Его досада была мне понятна. Сражаться с открытым врагом привычно. А вот противостоять системе, которая даже не считает тебя достойной прямого столкновения, а лишь изучает, как диковинное насекомое, — не привычно. Все наши отработанные методы — наглый прорыв, психологический удар — здесь теряли смысл. В Берлине нас ждала игра по совершенно другим правилам, где главный калибр — ум.
Оставив Орлова материться сквозь зубы, я спустился в свой штабной отсек. Монотонная, въевшаяся в кости вибрация машины и бесконечная серая лента дороги за триплексом стали идеальным фоном для побега из тоскливой реальности в собственную голову.

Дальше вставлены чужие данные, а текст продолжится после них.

Lemma ba_ufC x a : ba_ultrafilter x -> x (~` a)%O <-> ~ x a.
Proof.
move=> ux; split; last by case: (ba_uf_prime a ux).
move=> xna xa; apply: (ba_uf_proper ux); rewrite -(meetxC a).
exact: ba_filterI (ba_uf_filter ux) xa xna.
Qed.

Lemma ba_ufU x a b : ba_ultrafilter x -> x (a `|` b)%O -> x a \/ x b.
Proof.
move=> ux xab; have [xa|xna] := ba_uf_prime a ux; first by left.
have [xb|xnb] := ba_uf_prime b ux; first by right.
exfalso; apply: (ba_uf_proper ux).
have := ba_filterI (ba_uf_filter ux) xab (ba_filterI (ba_uf_filter ux) xna xnb).
by rewrite -complU meetxC.
Qed.

Lemma ba_uf_compl_ideal x : ba_ultrafilter x -> ba_ideal (~` x).
Proof.
move=> ux; split; first exact: ba_uf_proper.
- by move=> a b nxb ab xa; apply: nxb; exact: ba_filterS (ba_uf_filter ux) xa ab.
- by move=> a b nxa nxb /(ba_ufU ux) [].
Qed.

Lemma prime_ba_ultrafilter x : ba_filter x -> ~ x \bot%O ->
  (forall a, x a \/ x (~` a)%O) -> ba_ultrafilter x.
Proof.
move=> fx nxb prime; split => // y fy nyb sxy; apply/seteqP; split => // b yb.
have [//|xnb] := prime b; exfalso; apply: nyb; rewrite -(meetxC b).
by apply: ba_filterI fy yb _; exact: sxy.
Qed.

Lemma ba_filter_chain_union F (C : set (set A)) :
  ba_filter F -> (forall X, C X -> ba_filter (F `|` X)) -> total_on C subset ->
  ba_filter (F `|` \bigcup_(X in C) X).
Proof.
move=> fF fC tC.
have meetX X a b : C X -> (F `|` X) a -> (F `|` X) b ->
    (F `|` \bigcup_(X in C) X) (a `&` b)%O.
  by move=> CX Xa Xb; case: (ba_filterI (fC X CX) Xa Xb) => ?; [left|right; exists X].
split; first by left; exact: ba_filterT.
- move=> a b [Fa|[X CX Xa]] ab; first by left; exact: ba_filterS Fa ab.
  by case: (ba_filterS (fC X CX) (or_intror Xa) ab) => ?; [left|right; exists X].
- move=> a b [Fa|[X CX Xa]] [Fb|[Y CY Yb]].
  + by left; exact: ba_filterI.
  + by apply: (meetX Y) => //; [left|right].
  + by apply: (meetX X) => //; [right|left].
  + have [XY|YX] := tC X Y CX CY.
      by apply: (meetX Y) => //; right => //; exact: XY.
    by apply: (meetX X) => //; right => //; exact: YX.
Qed.

(* Zorn's lemma is applied to the sets [G] with [F `|` G] a filter, because
   the union of the empty chain must be admissible too. *)
Lemma ba_filter_max_disjoint F I : ba_filter F -> ba_ideal I ->
  (forall a, F a -> ~ I a) ->
  exists m, [/\ ba_filter m, F `<=` m, (forall a, m a -> ~ I a) &
    forall y, ba_filter y -> (forall a, y a -> ~ I a) -> m `<=` y -> y = m].
Proof.
move=> fF iI dFI.
pose P G := ba_filter (F `|` G) /\ forall a, (F `|` G) a -> ~ I a.
have [M [[fM dM] maxM]] : exists M, P M /\ forall G, M `<` G -> ~ P G.
  apply: Zorn_bigcup => C CP tC; split.
    by apply: ba_filter_chain_union => // X /CP [].
  move=> a [Fa|[X CX Xa]]; first exact: dFI.
  by have [_] := CP X CX; apply; right.
exists (F `|` M); split => //.
move=> y fy dy My; apply/seteqP; split => //; apply: contrapT => nyM.
have Fy : F `|` y = y by apply/setUidPr => a Fa; apply: My; left.
apply: (maxM y); last by rewrite /P Fy.
split; first by move=> a Ma; apply: My; right.
by move=> yM; apply: nyM => a ya; right; exact: yM.
Qed.

Lemma ba_ultrafilter_ext F I : ba_filter F -> ba_ideal I ->
  (forall a, F a -> ~ I a) ->
  exists z, [/\ ba_ultrafilter z, F `<=` z & forall a, z a -> ~ I a].
Proof.
move=> fF iI dFI; have [m [fm Fm dm maxm]] := ba_filter_max_disjoint fF iI dFI.
exists m; split => //; apply: prime_ba_ultrafilter => //.
  by move=> mb; case: iI => I0 _ _; exact: dm mb I0.
move=> a; apply: contrapT => /not_orP [nma nmna].
(* each of [m + a] and [m + ~ a] meets [I], hence so does [m] *)
have meetI e : ~ m e -> exists2 i, filter_adjoin m e i & I i.
  move=> nme; apply: contrapT => /forall2NP dI; apply: nme.
  rewrite -(maxm (filter_adjoin m e)); last exact: filter_adjoin_sub.
  - exact: filter_adjoin_mem.
  - exact: filter_adjoin_filter.
  - by move=> i ei Ii; case: (dI i).
have [i [c mc ci] Ii] := meetI a nma.
have [i' [c' mc' c'i'] Ii'] := meetI _ nmna.
apply: (dm (c `&` c')%O); first exact: ba_filterI.
apply: (ba_idealS iI (ba_idealU iI Ii Ii')).
apply: (@le_trans _ _ ((c `&` c') `&` (a `|` ~` a))%O); first by rewrite joinxC meetx1.
rewrite meetUr; apply: leU2.
  by apply: le_trans ci; apply: leI2 => //; exact: leIl.
by apply: le_trans c'i'; apply: leI2 => //; exact: leIr.
Qed.

End BooleanFilters.

(** * The Stone space of ultrafilters *)

Section UltrafilterSpace.
Variables (d : Order.disp_t) (A : ctbDistrLatticeType d).
Implicit Types (a b c : A) (F I : set A).

Lemma ultP (x : ult A) : ba_ultrafilter (ult_val x).
Proof. exact/asboolP/ult_prop. Qed.

Definition mk_ult (z : set A) (uz : ba_ultrafilter z) : ult A := Ult (asboolT uz).

Lemma ult_le_eq (x y : ult A) : ult_val x `<=` ult_val y -> x = y.
Proof.
move=> xy; apply: val_inj; have [_ _ maxx] := ultP x; apply: esym; apply: maxx => //.
  exact: ba_uf_filter (ultP y).
exact: ba_uf_proper (ultP y).
Qed.

Lemma ult_ext F I : ba_filter F -> ba_ideal I -> (forall a, F a -> ~ I a) ->
  exists z : ult A, F `<=` ult_val z /\ forall a, ult_val z a -> ~ I a.
Proof.
move=> fF iI dFI; have [z [uz Fz dz]] := ba_ultrafilter_ext fF iI dFI.
by exists (mk_ult uz).
Qed.

Lemma ult_sep a b : ~ (a <= b)%O -> exists z : ult A, ult_val z a /\ ~ ult_val z b.
Proof.
move=> nab; have [|z [az dz]] := ult_ext (upset_filter a) (downset_ideal b).
  by move=> e ae eb; apply: nab; exact: le_trans eb.
by exists z; split; [apply: az; exact: lexx|move=> zb; apply: (dz b zb); exact: lexx].
Qed.

Lemma ult_ext_proper F : ba_filter F -> ~ F \bot%O ->
  exists z : ult A, F `<=` ult_val z.
Proof.
move=> fF nFb; have [|z [Fz _]] := ult_ext fF (downset_ideal \bot%O).
  by move=> e Fe; rewrite /downset /= lex0 => /eqP e0; apply: nFb; rewrite -e0.
by exists z.
Qed.

Definition stone_set a : set (ult A) := [set x | ult_val x a].

Lemma stone_setI a b : stone_set (a `&` b)%O = stone_set a `&` stone_set b.
Proof.
by apply/seteqP; split => x; rewrite /stone_set /= (ba_filterIE _ _ (ba_uf_filter (ultP x))).
Qed.

Lemma stone_setC a : stone_set (~` a)%O = ~` stone_set a.
Proof. by apply/seteqP; split => x; rewrite /stone_set /= (ba_ufC _ (ultP x)). Qed.

Lemma stone_setT : stone_set \top%O = setT.
Proof. by apply/seteqP; split => x // _; exact: ba_filterT (ba_uf_filter (ultP x)). Qed.

Lemma stone_set0 : stone_set \bot%O = set0.
Proof. by apply/seteqP; split => x // /(ba_uf_proper (ultP x)). Qed.

Lemma stone_set_subset a b : stone_set a `<=` stone_set b <-> (a <= b)%O.
Proof.
split => [sab|ab x xa]; last exact: ba_filterS (ba_uf_filter (ultP x)) xa ab.
by apply: contrapT => /ult_sep [z [za nzb]]; apply: nzb; exact: sab.
Qed.

Lemma ult_openE (W : set (ult A)) : open W <->
  exists2 D, D `<=` finI_from (range (@Some A)) (@ult_subbase _ A) &
    \bigcup_(i in D) i = W.
Proof. by []. Qed.

Lemma stone_set_open a : open (stone_set a).
Proof.
apply/ult_openE; exists [set stone_set a]; last by rewrite bigcup_set1.
move=> _ ->; apply: (@finI_from1 _ _ _ (@ult_subbase _ A) (Some a)).
by exists a.
Qed.

Lemma stone_set_clopen a : clopen (stone_set a).
Proof. by split; [|rewrite -openC -stone_setC]; exact: stone_set_open. Qed.

Lemma finI_subbase_stone_set (s : seq (option A)) :
  exists c, forall x, (forall i, i \in s -> ult_subbase i x) <-> stone_set c x.
Proof.
elim: s => [|[a|] s [c IH]].
- by exists \top%O => x; rewrite stone_setT; split => // _ i; rewrite in_nil.
- exists (a `&` c)%O => x; rewrite stone_setI; split.
    move=> h; split; first by apply: (h (Some a)); rewrite mem_head.
    by apply/IH => i iS; apply: h; rewrite in_cons iS orbT.
  by case=> xa /IH h i; rewrite in_cons => /orP [/eqP -> //|]; exact: h.
- exists c => x; split.
    by move=> h; apply/IH => i iS; apply: h; rewrite in_cons iS orbT.
  by move=> /IH h i; rewrite in_cons => /orP [/eqP -> //|]; exact: h.
Qed.

Lemma stone_set_basis (W : set (ult A)) x : open W -> W x ->
  exists c, stone_set c x /\ stone_set c `<=` W.
Proof.
move=> /ult_openE [D sD <-] [B /[dup] DB /sD [s _ sB] Bx].
have [c Hc] := finI_subbase_stone_set (finmap.enum_fset s).
exists c; split; first by apply/Hc => i si; rewrite -sB in Bx; exact: Bx.
by move=> y /Hc yc; exists B => //; rewrite -sB => i si; exact: yc.
Qed.

Lemma ult_hausdorff : hausdorff_space (ult A).
Proof.
rewrite open_hausdorff => x y /eqP nxy.
have [a [xa nya]] : exists a, ult_val x a /\ ~ ult_val y a.
  apply: contrapT => /forallNP nsep; apply: nxy; apply: ult_le_eq => a xa.
  by apply: contrapT => nya; exact: (nsep a).
exists (stone_set a, stone_set (~` a)%O).
  by rewrite !inE stone_setC; split.
by split; [exact: stone_set_open|exact: stone_set_open|rewrite stone_setC setICr].
Qed.

Lemma ult_zero_dim : zero_dim (ult A).
Proof.
move=> W x oW Wx; have [c [xc cW]] := stone_set_basis oW Wx.
by exists (stone_set c); split => //; exact: stone_set_clopen.
Qed.

(* A cluster point of a proper filter [G] is an ultrafilter extending the
   filter of those [a] whose [stone_set] belongs to [G]. *)
Lemma ult_compact : compact [set: ult A].
Proof.
move=> G PG _; pose x0 : set A := [set a | G (stone_set a)].
have fx0 : ba_filter x0.
  split; first by rewrite /x0 /= stone_setT; exact: filterT.
  - by move=> a b Ga /stone_set_subset ab; exact: filterS Ga.
  - by move=> a b Ga Gb; rewrite /x0 /= stone_setI; exact: filterI.
have nx0b : ~ x0 \bot%O by rewrite /x0 /= stone_set0; exact: filter_not_empty.
have [z x0z] := ult_ext_proper fx0 nx0b.
exists z; split => // B C GB; rewrite nbhsE => -[O [oO Oz] OC].
have [c [zc cO]] := stone_set_basis oO Oz.
apply: contrapT => /set0P /negP; rewrite negbK => /eqP BC0.
suff /x0z /(ba_ufC _ (ultP z)) : x0 (~` c)%O by [].
rewrite /x0 /= stone_setC; apply: filterS GB => y By yc.
have : (B `&` C) y by split => //; apply: OC; exact: cO.
by rewrite BC0.
Qed.

Lemma ult_stone : stone_space (ult A).
Proof. by split; [exact: ult_compact|exact: ult_hausdorff|exact: ult_zero_dim]. Qed.

End UltrafilterSpace.

(** * Stone spaces and closed relations *)

Lemma compact_avoid (X : topologicalType) (P : set (set X)) (L : set X) :
  compact [set: X] -> closed L -> P setT ->
  (forall V W, P V -> P W -> P (V `&` W)) -> (forall W, P W -> closed W) ->
  (forall z, L z -> exists2 W, P W & ~ W z) ->
  exists2 W, P W & W `&` L = set0.
Proof.
move=> cX cL PT PI Pcl sepL; apply: contrapT => /forall2NP meetL.
have FG : Filter (filter_from P (fun W => W `&` L)).
  apply: filter_from_filter; first by exists setT.
  move=> V W PV PW; exists (V `&` W); first exact: PI.
  by move=> z [[Vz Wz] Lz].
have PG : ProperFilter (filter_from P (fun W => W `&` L)).
  apply: filter_from_proper => W PW; apply/set0P/negP => /eqP WL.
  by case: (meetL W).
have [z [_ clz]] := cX _ PG filterT.
have WLz W : P W -> (W `&` L) z.
  by move=> PW; apply: (closedI (Pcl W PW) cL) => C Cz; apply: clz Cz; exists W.
have [W PW nWz] := sepL z (WLz _ PT).2.
by have [] := WLz W PW.
Qed.

Lemma open_box_closed_rel (X Y : topologicalType) (R : X -> Y -> Prop) :
  (forall x y, ~ R x y -> exists P Q, [/\ open P, open Q, P x, Q y &
     forall x' y', P x' -> Q y' -> ~ R x' y']) -> closed_rel R.
Proof.
move=> box; rewrite /closed_rel -openC openE => -[x y] /= nR.
have [P [Q [oP oQ Px Qy PQ]]] := box x y nR.
exists (P, Q); first by split; apply: open_nbhs_nbhs; split.
by case=> x' y' [/= Px' Qy']; exact: PQ.
Qed.

Lemma closed_rel_converse (X Y : topologicalType) (R : X -> Y -> Prop) :
  closed_rel R -> closed_rel (fun y x => R x y).
Proof.
move=> cR; rewrite /closed_rel.
have -> : [set p : Y * X | R p.2 p.1] =
  unstable.swap @^-1` [set p : X * Y | R p.1 p.2] by [].
by apply: preimage_closed => // p _; exact: swap_continuous.
Qed.

Lemma closed_rel_img (X Y : topologicalType) (R : X -> Y -> Prop) (F : set X) :
  compact [set: X] -> compact [set: Y] -> hausdorff_space Y ->
  closed_rel R -> closed F -> closed (rel_img R F).
Proof.
move=> cX cY hY cR cF.
have -> : rel_img R F = snd @` ([set p : X * Y | R p.1 p.2] `&` (F `*` setT)).
  apply/seteqP; split => [y [x Fx Rxy]|_ [[x y] [/= Rxy [Fx _]] <-]].
    by exists (x, y).
  by exists x.
apply: compact_closed hY _; apply: continuous_compact.
  by apply: continuous_subspaceT => p; exact: cvg_snd.
rewrite setIC; apply: compact_closedI => //.
by apply: compact_setX => //; exact: subclosed_compact cF cX _.
Qed.

Section StoneSeparation.
Variables (X : topologicalType) (stoneX : stone_space X).

Lemma stone_compact : compact [set: X]. Proof. by case: stoneX. Qed.

Lemma stone_hausdorff : hausdorff_space X. Proof. by case: stoneX. Qed.

Lemma stone_closed1 (x : X) : closed [set x].
Proof. exact/accessible_closed_set1/hausdorff_accessible/stone_hausdorff. Qed.

Lemma stone_sep_point_closed (K : set X) x : closed K -> ~ K x ->
  exists U, [/\ clopen U, U x & U `<=` ~` K].
Proof. by case: stoneX => _ _ zd cK; apply: zd; exact: closed_openC. Qed.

Из походного сундука я достал досье, собранное Остерманом, и снова погрузился в мир Готфрида Вильгельма Лейбница.
В моих глазах он был сложнейшим часовым механизмом, который предстояло разобрать на составляющие, найти скрытые пружины и рычаги. Я раскладывал его жизнь и труды, пытаясь нащупать ключ, который позволит завести этот механизм в нужную мне сторону.
Его сильные стороны лежали на поверхности. Универсальный гений, чей разум с одинаковой легкостью оперировал и философскими категориями, и математическими формулами. Созданное им исчисление бесконечно малых заложило фундамент всей высшей математики будущего. Изобретенная им двоичная система, сама того не ведая, стала языком, на котором триста лет спустя заговорит цивилизация. Этот ум работал на уровне создания самих принципов, языков описания реальности. Единственный в этой эпохе, он мог не просто ахнуть при виде паровой машины, но и вникнуть в ее суть, разглядеть за лязгом шестеренок печатного станка рождение информационного общества. Он говорил на моем языке, что делало его бесконечно ценным и одновременно опасным.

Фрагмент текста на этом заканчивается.